In English law the focus of the test is whether the defendant is acting reasonably in the particular situation. There is no specific requirement that a person must retreat in anticipation of an attack. Although some withdrawal would be useful evidence to prove that the defendant did not want to fight, not every defendant is able to escape. In R v Bird (1985) 1 WLR 816 the defendant was physically attacked, and reacted instinctively and immediately without having the opportunity to retreat. Had there been a delay in the response, the reaction might have appeared more revenge than self-defence. It might be different if the defendant sees an enemy approaching and decides to stand his ground. The answer may depend on where the threat is recognised. In a public place, where there are many other people present, a judgment must be made on whether an attack is imminent.

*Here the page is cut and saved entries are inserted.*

Lemma Bern_gt0 eps s : 0 < eps -> 0 < Bern eps s.
Proof.
  intros He. destruct (Req_dec s 0) as [->|Hs]; [now rewrite Bern0|].
  rewrite Bern_closed_form by auto.
  destruct (Rlt_or_le 0 s).
  - assert (1 < exp (s / eps)).
    { rewrite <- exp_0. apply exp_increasing, Rdiv_lt_0_compat; auto. }
    apply Rdiv_lt_0_compat; lra.
  - assert (exp (s / eps) < 1).
    { rewrite <- exp_0. apply exp_increasing.
      apply Rmult_neg_pos; [lra | now apply Rinv_0_lt_compat]. }
    apply Rmult_neg_neg; [lra | apply Rinv_lt_0_compat; lra].
Qed.

Lemma Bern_opp eps s : 0 < eps -> Bern eps (- s) = Bern eps s + s.
Proof.
  intros He. destruct (Req_dec s 0) as [->|Hs]; [rewrite Ropp_0, Bern0; auto; ring|].
  rewrite !Bern_closed_form by (auto; lra).
  replace (- s / eps) with (- (s / eps)) by (field; lra).
  rewrite exp_Ropp.
  assert (exp (s / eps) <> 1) by now apply exp_div_neq1.
  assert (0 < exp (s / eps)) by apply exp_pos.
  field. repeat split; lra.
Qed.

Lemma cis_add a b : cis (a + b) = (cis a * cis b)%C.
Proof. unfold cis, Cmult; simpl. rewrite cos_plus, sin_plus. f_equal; ring. Qed.

Lemma cis_neq0 a : cis a <> 0%C.
Proof.
  intro E. unfold cis in E. injection E as Ec Es.
  assert (H := sin2_cos2 a). unfold Rsqr in H. rewrite Ec, Es in H. lra.
Qed.

Lemma cis_opp a : cis (- a) = (/ cis a)%C.
Proof.
  unfold cis, Cinv; simpl. rewrite cos_neg, sin_neg.
  assert (H := sin2_cos2 a). unfold Rsqr in H.
  replace (cos a * (cos a * 1) + sin a * (sin a * 1)) with 1 by lra.
  f_equal; field.
Qed.

Lemma cis_inv a : (/ cis a)%C = (cos a, - sin a).
Proof. rewrite <- cis_opp. unfold cis. now rewrite cos_neg, sin_neg. Qed.

Lemma cis_grid_shift th1 th2 x y a b :
  cis (th1 * (IZR (x + a) / 2) + th2 * (IZR (y + b) / 2)) =
  (cis (th1 * (IZR x / 2) + th2 * (IZR y / 2))
   * cis (th1 * (IZR a / 2)) * cis (th2 * (IZR b / 2)))%C.
Proof. rewrite <- !cis_add. f_equal. rewrite !plus_IZR. field. Qed.

Lemma cis_offset0 t : cis (t * (IZR 0 / 2)) = 1%C.
Proof.
  replace (t * (IZR 0 / 2)) with 0 by (simpl; field).
  unfold cis. now rewrite cos_0, sin_0.
Qed.

Lemma cis_offset1 t : cis (t * (IZR 1 / 2)) = cis (t / 2).
Proof. f_equal. simpl. field. Qed.

Lemma cis_offsetN1 t : cis (t * (IZR (-1) / 2)) = (/ cis (t / 2))%C.
Proof. rewrite <- cis_opp. f_equal. simpl. field. Qed.

Lemma cis_offset2 t : cis (t * (IZR 2 / 2)) = (cis (t / 2) * cis (t / 2))%C.
Proof. rewrite <- cis_add. f_equal. simpl. field. Qed.

Lemma cis_offsetN2 t : cis (t * (IZR (-2) / 2)) = (/ (cis (t / 2) * cis (t / 2)))%C.
Proof. rewrite <- cis_add, <- cis_opp. f_equal. simpl. field. Qed.

Lemma phiN_origin th1 th2 : phiN th1 th2 (0%Z, 0%Z) = 1%C.
Proof.
  unfold phiN, phi, isN. cbn [fst snd Z.even andb].
  replace (th1 * (IZR 0 / 2) + th2 * (IZR 0 / 2)) with 0 by (simpl; field).
  unfold cis. now rewrite cos_0, sin_0.
Qed.

Lemma phiN_coef_inj th1 th2 (c d : C) :
  (forall p, (c * phiN th1 th2 p)%C = (d * phiN th1 th2 p)%C) -> c = d.
Proof. intro H. specialize (H (0%Z, 0%Z)). now rewrite phiN_origin, !Cmult_1_r in H. Qed.

(* A point of [Z^2] is case-split on the parities of its coordinates, and every
   Fourier mode at a shifted point is written as the mode at the point times
   powers of [z_j = e^{i th_j / 2}]. *)
Ltac grid_parity :=
  unfold isN, isE1, isE2, isE, isF, Defs.shift in *; cbn [fst snd] in *;
  rewrite ?Z.even_add, ?Z.odd_add; cbn [Z.even Z.odd];
  rewrite <- ?Z.negb_even.

Ltac grid_cases x y :=
  destruct (Z.even x), (Z.even y); cbn [negb andb orb xorb Bool.eqb];
  rewrite ?cis_grid_shift, ?cis_offset0, ?cis_offset1, ?cis_offsetN1,
    ?cis_offset2, ?cis_offsetN2.

Ltac field_cis := field; repeat split; try apply cis_neq0.

Definition has_FE_coords (th1 th2 : R) (f : grid) (c1 c2 : C) : Prop :=
  forall q, f q = (c1 * phi1E th1 th2 q + c2 * phi2E th1 th2 q)%C.

Lemma RtoC_sin_mul_sin a b :
  RtoC (sin a * sin b) = (- ((cis a - / cis a) * (cis b - / cis b)) / 4)%C.
Proof.
  rewrite !cis_inv. unfold Cdiv, Cminus, cis, Cplus, Copp, Cmult, Cinv, RtoC; simpl.
  f_equal; field.
Qed.

Lemma RtoC_cos_cis_half t :
  RtoC (cos t) = ((cis (t / 2) * cis (t / 2) + / (cis (t / 2) * cis (t / 2))) / 2)%C.
Proof.
  rewrite <- cis_add. replace (t / 2 + t / 2) with t by field.
  rewrite !cis_inv. unfold Cdiv, Cminus, cis, Cplus, Copp, Cmult, Cinv, RtoC; simpl.
  f_equal; field.
Qed.

Lemma Ci_sin_cis_half t :
  (Ci * RtoC (sin t))%C = ((cis (t / 2) * cis (t / 2) - / (cis (t / 2) * cis (t / 2))) / 2)%C.
Proof.
  rewrite <- cis_add. replace (t / 2 + t / 2) with t by field.
  rewrite !cis_inv. unfold Cdiv, Cminus, cis, Ci, Cplus, Copp, Cmult, Cinv, RtoC; simpl.
  f_equal; field.
Qed.

Lemma RtoC_Bern_opp eps s : 0 < eps ->
  RtoC (Bern eps (- s)) = (RtoC (Bern eps s) + RtoC s)%C.
Proof. intros. rewrite Bern_opp by auto. apply RtoC_plus. Qed.

Lemma Dsym_complex eps beta1 beta2 h th1 th2 : Dsym eps beta1 beta2 h th1 th2 =
  (RtoC (2 + cos th2) * RtoC (sin (th1 / 2) * sin (th1 / 2)) * RtoC (sigma1 eps beta1 h)
 + RtoC (2 + cos th1) * RtoC (sin (th2 / 2) * sin (th2 / 2)) * RtoC (sigma2 eps beta2 h)
 - / 2 * (Ci * RtoC (sin th1)) * RtoC (beta1 * h) * RtoC (2 + cos th2)
 - / 2 * (Ci * RtoC (sin th2)) * RtoC (beta2 * h) * RtoC (2 + cos th1))%C.
Proof.
  unfold Dsym. cbv zeta.
  unfold Cdiv, Cminus, Ci, Cplus, Copp, Cmult, Cinv, RtoC; simpl.
  f_equal; field.
Qed.

Section Symbols.
Variables (eps beta1 beta2 h gamma th1 th2 : R).
Hypothesis eps_gt0 : 0 < eps.
Hypothesis h_neq0 : h <> 0.

Let z1 := cis (th1 / 2).
Let z2 := cis (th2 / 2).
Let B1 := RtoC (Bern eps (beta1 * h)).
Let B1m := RtoC (Bern eps (- (beta1 * h))).
Let B2 := RtoC (Bern eps (beta2 * h)).
Let B2m := RtoC (Bern eps (- (beta2 * h))).

Definition Jsym1 : C := (- B1 * / z1 + B1m * z1)%C.
Definition Jsym2 : C := (- B2 * / z2 + B2m * z2)%C.

Definition Ksym11 : C :=
  (/ RtoC (h ^ 2) * (RtoC (sigma2 eps beta2 h) - B2m * (z2 * z2) - B2 * / (z2 * z2)))%C.
Definition Ksym12 : C :=
  (/ RtoC (h ^ 2) * (- B1 * (/ z1 * z2) + B1m * (z1 * z2) + B1 * (/ z1 * / z2) - B1m * (z1 * / z2)))%C.
Definition Ksym21 : C :=
  (/ RtoC (h ^ 2) * (- B2m * (/ z1 * z2) + B2m * (z1 * z2) + B2 * (/ z1 * / z2) - B2 * (z1 * / z2)))%C.
Definition Ksym22 : C :=
  (/ RtoC (h ^ 2) * (RtoC (sigma1 eps beta1 h) - B1 * / (z1 * z1) - B1m * (z1 * z1)))%C.

Definition Msym1 : C := (RtoC (2/3) + RtoC (1/6) * (z2 * z2 + / (z2 * z2)))%C.
Definition Msym2 : C := (RtoC (2/3) + RtoC (1/6) * (z1 * z1 + / (z1 * z1)))%C.

Definition Asym11 : C := (Ksym11 + RtoC gamma * Msym1)%C.
Definition Asym22 : C := (Ksym22 + RtoC gamma * Msym2)%C.

Lemma Jgrad_mode f c : (forall q, f q = c * phiN th1 th2 q)%C ->
  has_FE_coords th1 th2 (Jgrad eps beta1 beta2 h f) (c * Jsym1) (c * Jsym2).
Proof.
  intros Hf [x y]. unfold Jgrad. rewrite !Hf.
  unfold phiN, phi1E, phi2E, phi, Jsym1, Jsym2. fold z1 z2 B1 B1m B2 B2m.
  grid_parity. grid_cases x y; fold z1 z2; field_cis.
Qed.

Lemma Kop_mode f c1 c2 : has_FE_coords th1 th2 f c1 c2 ->
  has_FE_coords th1 th2 (Kop eps beta1 beta2 h f)
    (Ksym11 * c1 + Ksym12 * c2) (Ksym21 * c1 + Ksym22 * c2).
Proof.
  intros Hf [x y]. unfold Kop. rewrite !Hf.
  unfold phi1E, phi2E, phi, Ksym11, Ksym12, Ksym21, Ksym22. fold z1 z2 B1 B1m B2 B2m.
  grid_parity. grid_cases x y; fold z1 z2; field_cis;
    intro E; apply RtoC_inj in E; revert E; now apply pow_nonzero.
Qed.

Lemma Mop_mode f c1 c2 : has_FE_coords th1 th2 f c1 c2 ->
  has_FE_coords th1 th2 (Mop f) (Msym1 * c1) (Msym2 * c2).
Proof.
  intros Hf [x y]. unfold Mop. rewrite !Hf. unfold phi1E, phi2E, phi, Msym1, Msym2.
  grid_parity. grid_cases x y; fold z1 z2; field_cis.
Qed.

Lemma Aop_mode f c1 c2 : has_FE_coords th1 th2 f c1 c2 ->
  has_FE_coords th1 th2 (Aop eps beta1 beta2 h gamma f)
    (Asym11 * c1 + Ksym12 * c2) (Ksym21 * c1 + Asym22 * c2).
Proof.
  intros Hf p. unfold Aop, Asym11, Asym22.
  rewrite (Kop_mode f c1 c2 Hf), (Mop_mode f c1 c2 Hf). ring.
Qed.

Lemma GT_mode f c1 c2 : has_FE_coords th1 th2 f c1 c2 ->
  forall p, GT f p = ((c1 * (/ z1 - z1) + c2 * (/ z2 - z2)) * phiN th1 th2 p)%C.
Proof.
  intros Hf [x y]. unfold GT. rewrite !Hf. unfold phiN, phi1E, phi2E, phi.
  grid_parity. grid_cases x y; fold z1 z2; field_cis.
Qed.

Lemma psis_mode : has_FE_coords th1 th2 (psis th1 th2) (z2 - / z2) (/ z1 - z1).
Proof.
  intros [x y]. unfold psis, CT, phiF, phi1E, phi2E, phi.
  grid_parity. grid_cases x y; fold z1 z2; field_cis.
Qed.

(* Everything is expressed through [z_j], [B(b_j)] and [b_j] (using
   [B(-b) = B(b) + b]), so that the symbol identities become identities of
   rational functions. *)
Ltac to_atoms :=
  unfold B1, B1m, B2, B2m, sigma1, sigma2;
  rewrite ?RtoC_Bern_opp by exact eps_gt0;
  rewrite ?RtoC_sin_mul_sin, ?Ci_sin_cis_half, ?RtoC_plus, ?RtoC_Bern_opp by exact eps_gt0;
  rewrite ?RtoC_cos_cis_half, ?RtoC_div by lra.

As a matter of policy, no-one should be forced out of the streets because of fear, but prudence might dictate a different answer at night when the streets are empty.

CARRYING WEAPONS…

Carrying weapons

As to carrying weapons in anticipation of an attack, Evans v Hughes (1972) 3 A ER 412 held that for a defendant to justify his possession of a metal bar on a public highway, he had to show that there was an imminent particular threat affecting the particular circumstances in which the weapon was carried. Similarly, in Taylor v Mucklow (1973) CLR 750 a building owner was held to be using an unreasonable degree of force in carrying a loaded airgun against a builder who was demolishing a new extension because his bills were unpaid. More dramatically, in AG’s Reference (No 2 of 1983)(1984) 1 AER 988 Lane CJ. held that a defendant who manufactured ten petrol bombs to defend his shop during the Toxteth riots could set up the defence of showing that he possessed an explosive substance “for a lawful purpose” if he could establish that he was acting in self-defence to protect himself or his family or property against an imminent and apprehended attack by means which he believed to be no more than reasonably necessary to meet the attack.